Once the bridge guard fell the English seized the bridge and on the southern banks formed up ranks several lines deep. At this time King Godwinson rode out to shout to his brother Tosti offering to return his earldom of Northumbria and asking him to lay down his arms and to join him against King Hardrade. Tosti asked what lands of England that King Hardrade would receive King Godwinson’s reply was simple:

“Harald was taller than most, he would grant him seven foot of good English soil!”

With the English army completely across the bridge King Godwinson ordered them to advance on the Norwegian position. The English did win victory easily they incurred a high number of losses as did the Norwegians, with King Hardrade, his brother and Tosti Godwinson all killed. Despite the fall of the Norwegian leaders the Norwegians continued to fight to the death in small groups.

“Norway’s King had nothing to shield his breast in battle;
And yet his war-seasoned
Heart never wavered.
Norway’s warriors were watching
The blood-dripping sword
Of their courageous leader
Cutting down his enemies.
But now King Harald Sigurdsson was struck in the throat by an arrow,
And this was his death wound.
He fell, and with him feel all those who had advanced with him …”
- Arnor the Earl’s Poet -

When Eystein Orre arrived with the reinforcements the losses for the Norwegians were so high that even now with fully armed and armoured warriors the Norwegians were not able to steal victory away from the English. Due to the hard and fast forced march with all their weapons and armour in an unusually hot day the Norwegian reinforcements were exhausted and Eystein Orre was killed as the last of the Norwegian army faltered.

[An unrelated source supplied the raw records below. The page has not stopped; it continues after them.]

Lemma sum_nat_div (R : pzSemiRingType) (F : nat -> R) (c m L : nat) : (0 < c)%N ->
  \sum_(0 <= t < L * c) F (m + t %/ c)%N = c%:R * \sum_(m <= q < m + L) F q.
Proof.
move=> c_gt0; have -> : \sum_(m <= q < m + L) F q = \sum_(0 <= i < L) F (i + m)%N.
  by rewrite -{1}[m]add0n big_addn addKn.
rewrite big_nat_mul mulr_sumr; apply: eq_bigr => i _.
rewrite (@eq_big_nat _ _ _ _ _ _ (fun=> F (i + m)%N)).
  by rewrite sumr_const_nat mulSn addnK mulr_natl.
move=> t /andP[it ti]; rewrite addnC; congr F; congr addn.
by apply/eqP; rewrite eqn_leq -ltnS ltn_divLR // ti leq_divRL.
Qed.

Lemma sum_wchar_rooted (R : pzRingType) (T : finType) (a b : R) (x0 : T)
    (xs : seq T) (g : T -> R) :
  uniq (x0 :: xs) ->
  \sum_v wchar a b ([set u in x0 :: xs], x0) v * g v
  = a * g x0 + b * \sum_(u <- xs) g u.
Proof.
case/andP => x0_xs xs_uniq; rewrite (bigD1 x0) //= /wchar /= eqxx; congr (_ + _).
rewrite big_uniq // mulr_sumr big_mkcond [RHS]big_mkcond /=; apply: eq_bigr => v _.
case: (eqVneq v x0) => [->|vx0] /=; first by rewrite (negbTE x0_xs).
by rewrite inE in_cons (negbTE vx0) /=; case: (v \in xs); rewrite ?mul0r.
Qed.

Lemma rooted_Kr_seq (T : finType) (k : nat) (e : rel T) (x0 : T) (xs : seq T) :
  uniq (x0 :: xs) -> size xs = k ->
  {in x0 :: xs &, forall u w, u != w -> e u w} ->
  rooted_Kr k.+1 e ([set u in x0 :: xs], x0).
Proof.
move=> K_uniq K_size K_clique.
rewrite /rooted_Kr /= cardsE (card_uniqP K_uniq) /= K_size eqxx inE mem_head /=.
apply/forallP => u; apply/implyP; rewrite inE => uK.
by apply/forallP => w; apply/implyP; rewrite inE => wK; apply/implyP; apply: K_clique.
Qed.

Section GreedyClique.
Variables (R : realFieldType) (T : finType) (k n : nat) (e : rel T).
Variables (part : T -> 'I_k.+1) (A B : nat) (y : T -> R).
Local Notation N := (A + k * B)%N.
Local Notation class j := [set v | part v == j].

Hypothesis class_size : forall j, #|class j| = n.
Hypothesis nonnbrs_small : forall v j, j != part v ->
  (N * #|[set u | (part u == j) && ~~ e v u]| <= B * n)%N.

Definition class_stat j := order_stat y (class j).

Lemma nonnbrs_union_card j (xs : seq T) : (forall w, w \in xs -> part w != j) ->
  (N * #|[set u | (part u == j) && ~~ all (e^~ u) xs]| <= size xs * (B * n))%N.
Proof.
elim: xs => [|w xs IH] xs_j.
  rewrite mul0n leqn0 muln_eq0 cards_eq0; apply/orP; right.
  by apply/eqP/setP => u; rewrite !inE andbF.
have -> : [set u | (part u == j) && ~~ all (e^~ u) (w :: xs)] =
    [set u | (part u == j) && ~~ e w u] :|: [set u | (part u == j) && ~~ all (e^~ u) xs].
  by apply/setP => u; rewrite !inE /= negb_and andb_orr.
have w_j : j != part w by rewrite eq_sym xs_j ?mem_head.
have IHxs := IH (fun u u_xs => xs_j u (mem_behead (s := w :: xs) u_xs)).
rewrite /= mulSn; apply: leq_trans (leq_add (nonnbrs_small w_j) IHxs).
by rewrite -mulnDr leq_mul2l leq_card_setU orbT.
Qed.

Lemma small_common_nbr j (xs : seq T) p : (p < n)%N ->
  (size xs * (B * n) < N * p.+1)%N -> (forall w, w \in xs -> part w != j) ->
  exists x, [/\ part x = j, {in xs, forall w, e w x} & y x <= class_stat j p].
Proof.
move=> p_lt size_xs xs_j; set C := [set u | all (e^~ u) xs].
have out_C : (#|class j :\: C| <= p)%N.
  have -> : class j :\: C = [set u | (part u == j) && ~~ all (e^~ u) xs].
    by apply/setP => u; rewrite !inE andbC.
  have := leq_ltn_trans (nonnbrs_union_card xs_j) size_xs.
  by rewrite ltn_mul2l => /andP[].
have [|x] := order_stat_witness y _ out_C; first by rewrite class_size.
by rewrite !inE => /andP[/eqP x_j /allP x_C] x_y; exists x.
Qed.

What remained of the Norwegian army quickly retreated to Riccall with the English army in pursuit. In Riccall there was one last stand of the Norwegian army but it was quick lived and soon the Norwegians surrendered to King Godwinson; whom was pursuing a total victory rather then bloodlust. King Godwinson had all the survivors of the Norwegian army gathered up and placed on the longships and let them go. Amongst the survivors was Olaf the son of Harald Hardrade. Only 36 of 300 longships returned to Norway with the survivors.

King Harald Godwinson victory at Stamford Bridge would be short lived, for on September 28, 1066, William II Duke of Normandy made land fall at Pevensey Bay, in East Sussex in Southern England. William quickly moved on Hastings and built defenses where he awaited King Harald Godwinson. On October 13, 1066, William received news that Harald Godwinson was moving his army through London to meet William at Hastings.

Harald now significantly weakened from the Battle of Stamford Bridge had to now focus on the new invasion from the south not having time to recover from the heavy losses suffered at Stamford Bridge. The forced march from Stamford Bridge to London and then onto Hastings would prove to be one of Harald’s greatest disadvantages.

With the death of King Hardrade, came the end of the Viking Age and the unstoppable ushering in of Christianity to Norway and Scandinavia as a whole. Although written down as being somewhat Christian, Harold Hardrade was king whom had a foot in the old beliefs and the new beliefs of Christianity as he ruled in the time of transition; his death marked the last standing obstacle for the Christian missionaries.